FIG. 2 is a configuration diagram showing an outline of the configuration of the first stage power transmission coil unit 30. As shown in the figure, the first-stage power transmission coil unit 30 includes four power transmission coil units 31 arranged symmetrically in the left-right and vertical directions, and a first-stage power supply point 36 arranged in the center of the four power transmission coil units 31. Be prepared. The power transmission coil unit 31 has a switch 34, a power transmission coil 32, and a capacitor 33 for resonance, which are connected in series, and the switch 34 and the capacitor 33 at both ends thereof are "I" -shaped power supply wirings. It is connected to the first stage power feeding point 36 by 37 and the power feeding wiring 38. The power transmission coil 32, the capacitor 33, the first stage power feeding point 36, and the power feeding wirings 37 and 38 are formed on a flexible substrate by a conductive material (for example, copper). Since the switch 34 can be turned on and off, a relay or a semiconductor switch can be used.

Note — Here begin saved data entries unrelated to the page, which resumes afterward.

Theorem lemma3p2 (A B : comNzRingType) (d : nat) (s : A)
    (f : {rmorphism A -> B}) :
  noetherian A -> krull_dim_eq A d -> (1 <= d)%N ->
  non_zero_divisor s -> is_localization_1sA s f ->
  gen_dim_le B d.-1.
Proof.
move=> noethA [_ dimA] _ s_reg locf.
have dimB n (c : nat -> B -> Prop) : prime_chain n c -> (n <= d)%N.
  by move/(loc_prime_chain locf); apply: dimA.
exact: (gen_dim_le_regular_jacobson dimB (loc_noetherian locf noethA)
  (loc_non_zero_divisor locf s_reg) (loc_in_jacobson locf)).
Qed.
Lemma sign_mxD a b : sign_mx (a (+) b) = sign_mx a *m sign_mx b.
Proof.
apply/matrixP => i j.
by rewrite sign_mxE !mxE mulrnAr andb_addl signr_addb.
Qed.

Lemma tr_sign_mx b : (sign_mx b)^T = sign_mx b.
Proof. exact: tr_diag_mx. Qed.

Lemma sign_mx_homog_vec b c (u : 'cV[F]_N) :
  homog_vec c u -> sign_mx b *m u = (-1) ^+ (b && c) *: u.
Proof.
move=> hu; apply/matrixP => i j; rewrite (ord1 j) sign_mxE mxE.
by case: (eqVneq (idx_par i) c) => [->//|/hu->]; rewrite !mulr0.
Qed.

Lemma homog_mx_sign_comm b c M :
  homog_mx c M -> M *m sign_mx b = (-1) ^+ (c && b) *: (sign_mx b *m M).
Proof.
move=> hM; apply/matrixP => i j; rewrite [RHS]mxE sign_mxE mul_mx_diag !mxE.
case: (eqVneq (idx_par i (+) idx_par j) c) => [<-|/hM->]; last by rewrite !(mulr0, mul0r).
rewrite mulrA mulrC -!signr_addb; congr ((-1) ^+ _ * _).
by case: b; case: (idx_par i); case: (idx_par j).
Qed.

Lemma betaD M X u v : beta (M + X) u v = beta M u v + beta X u v.
Proof. by rewrite /beta mulmxDr mulmxDl mxE. Qed.

Lemma beta0 u v : beta 0 u v = 0.
Proof. by rewrite /beta mulmx0 mul0mx mxE. Qed.

Lemma beta_mulmxl M X u v : beta M (X *m u) v = beta (X^T *m M) u v.
Proof. by rewrite /beta trmx_mul !mulmxA. Qed.

Lemma beta_mulmxr M X u v : beta M u (X *m v) = beta (M *m X) u v.
Proof. by rewrite /beta !mulmxA. Qed.

Lemma beta_sign_mx b c M u v :
  homog_vec c u -> beta (sign_mx b *m M) u v = (-1) ^+ (b && c) * beta M u v.
Proof.
move=> hu; rewrite /beta mulmxA -[u^T *m _]trmxK trmx_mul trmxK tr_sign_mx.
by rewrite (sign_mx_homog_vec b hu) linearZ /= -!scalemxAl mxE.
Qed.

Lemma beta_delta M i j : beta M (delta_mx i 0) (delta_mx j 0) = M i j.
Proof. by rewrite /beta trmx_delta -rowE -colE !mxE. Qed.

Lemma homog_vec_delta i : homog_vec (idx_par i) (delta_mx i 0 : 'cV[F]_N).
Proof. by move=> k; rewrite mxE; case: (eqVneq k i) => [->|]; rewrite ?eqxx. Qed.

Definition osp_mx B b X := X^T *m B = - (sign_mx b *m B *m X).

Lemma osp_condP B b X : osp_cond B b X <-> osp_mx B b X.
Proof.
have sumE c u v : homog_vec c u ->
    beta B (X *m u) v + (-1) ^+ (b && c) * beta B u (X *m v) =
    beta (X^T *m B + sign_mx b *m B *m X) u v.
  by move=> hu; rewrite betaD beta_mulmxl beta_mulmxr -mulmxA (beta_sign_mx b _ _ hu).
split => [hX | hX c c' u v hu _]; last by rewrite (sumE c) // hX addNr beta0.
apply/eqP; rewrite -addr_eq0; apply/eqP/matrixP => i j.
rewrite [RHS]mxE -beta_delta -(sumE _ _ _ (@homog_vec_delta i)).
exact: hX (@homog_vec_delta i) (@homog_vec_delta j).
Qed.

Lemma osp_mx0 B b : osp_mx B b 0.
Proof. by rewrite /osp_mx trmx0 mul0mx mulmx0 oppr0. Qed.

Lemma in_osp_homogP B b X : homog_mx b X -> in_osp B X <-> osp_mx B b X.
Proof.
move=> hX; rewrite -osp_condP; split.
  case=> X0 [X1 [eX h0 c0 h1 c1]]; rewrite eX in hX *; case: b hX => hX.
    suff -> : X0 = 0 by rewrite add0r.
    apply: homog_mx_eq0 h0 _; rewrite -(addrK X1 X0).
    exact: homog_mxD hX (homog_mxN h1).
  suff -> : X1 = 0 by rewrite addr0.
  apply: homog_mx_eq0 h1 _; rewrite -(addKr X0 X1).
  exact: homog_mxD (homog_mxN h0) hX.
have osp0 b' : osp_cond B b' 0 by apply/osp_condP/osp_mx0.
case: b hX => hX cX; first by exists 0, X; rewrite add0r; split => //; apply: homog_mx0.
by exists X, 0; rewrite addr0; split => //; apply: homog_mx0.
Qed.

Lemma trmx_prod_osp B m (y : 'I_m -> bool) (Y : 'I_m -> 'M[F]_N) :
  (forall i, homog_mx (y i) (Y i) /\ osp_mx B (y i) (Y i)) ->
  (\prod_i Y i)^T *m B =
    ((-1) ^+ m * (-1) ^+ odd_pairs y) *:
      (sign_mx (odd (\sum_i y i)%N) *m B *m \prod_i Y (rev_ord i)).
Proof.
elim: m y Y => [|m IHm] y Y hY.
  by rewrite !big_ord0 /odd_pairs big_ord0 expr0 mulr1 scale1r sign_mx0 trmx1 mul1mx mulmx1.
have [hY0 osp_Y0] := hY ord0.
have hYr i := hY (lift ord0 i).
have rev_prod : \prod_(i < m.+1) Y (rev_ord i) = \prod_(i < m) Y (lift ord0 (rev_ord i)) * Y ord0.
  rewrite big_ord_recr; congr (_ * Y _); last by apply: val_inj; rewrite /= subnn.
  apply: eq_bigr => i _; congr Y; apply: val_inj; rewrite /= /bump /=.
  by have := ltn_ord i; lia.
have hW := homog_mx_prod (fun i => (hYr i).1).
have osp_W := IHm _ _ hYr.
rewrite rev_prod !big_ord_recl odd_pairs_recl oddD oddb.
set W := \prod_(i < m) Y (lift ord0 i) in hW osp_W *.
set Wr := \prod_(i < m) Y (lift ord0 (rev_ord i)) in osp_W *.
set S := (\sum_(i < m) y (lift ord0 i))%N in hW osp_W *.
rewrite -[Y ord0 * W]/(Y ord0 *m W) -[Wr * Y ord0]/(Wr *m Y ord0).
rewrite trmx_mul -(mulmxA W^T) osp_Y0 mulmxN !mulmxA (homog_mx_sign_comm _ (homog_mx_tr hW)).
rewrite -!scalemxAl -(mulmxA _ W^T B) osp_W -!scalemxAr -!scalemxAl !mulmxA -sign_mxD.
rewrite scalerA -scaleNr; congr (_ *: _).
rewrite exprS exprD -(signr_odd _ (_ * S)) oddM oddb andbC.
ring.
Qed.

In the wireless power transmission sheet 20 of the first embodiment, as shown in FIG. 1, the power transmission coils 32 are arranged in a matrix at equal intervals, and the “H” -shaped second-stage power supply wiring 42 is “I”. The shape of the power supply wirings 37 and 38 is formed in a path not formed, and the power supply line 44 is formed in a path in which the second stage power supply wiring 42 and the power supply wirings 37 and 38 are not formed. Each power transmission coil 32 is connected by wiring having the same length as seen from the second stage power feeding point 40. As a result, it is possible to suppress variations in electromagnetic characteristics due to differences in the length of the power feeding wiring of each power transmission coil 32.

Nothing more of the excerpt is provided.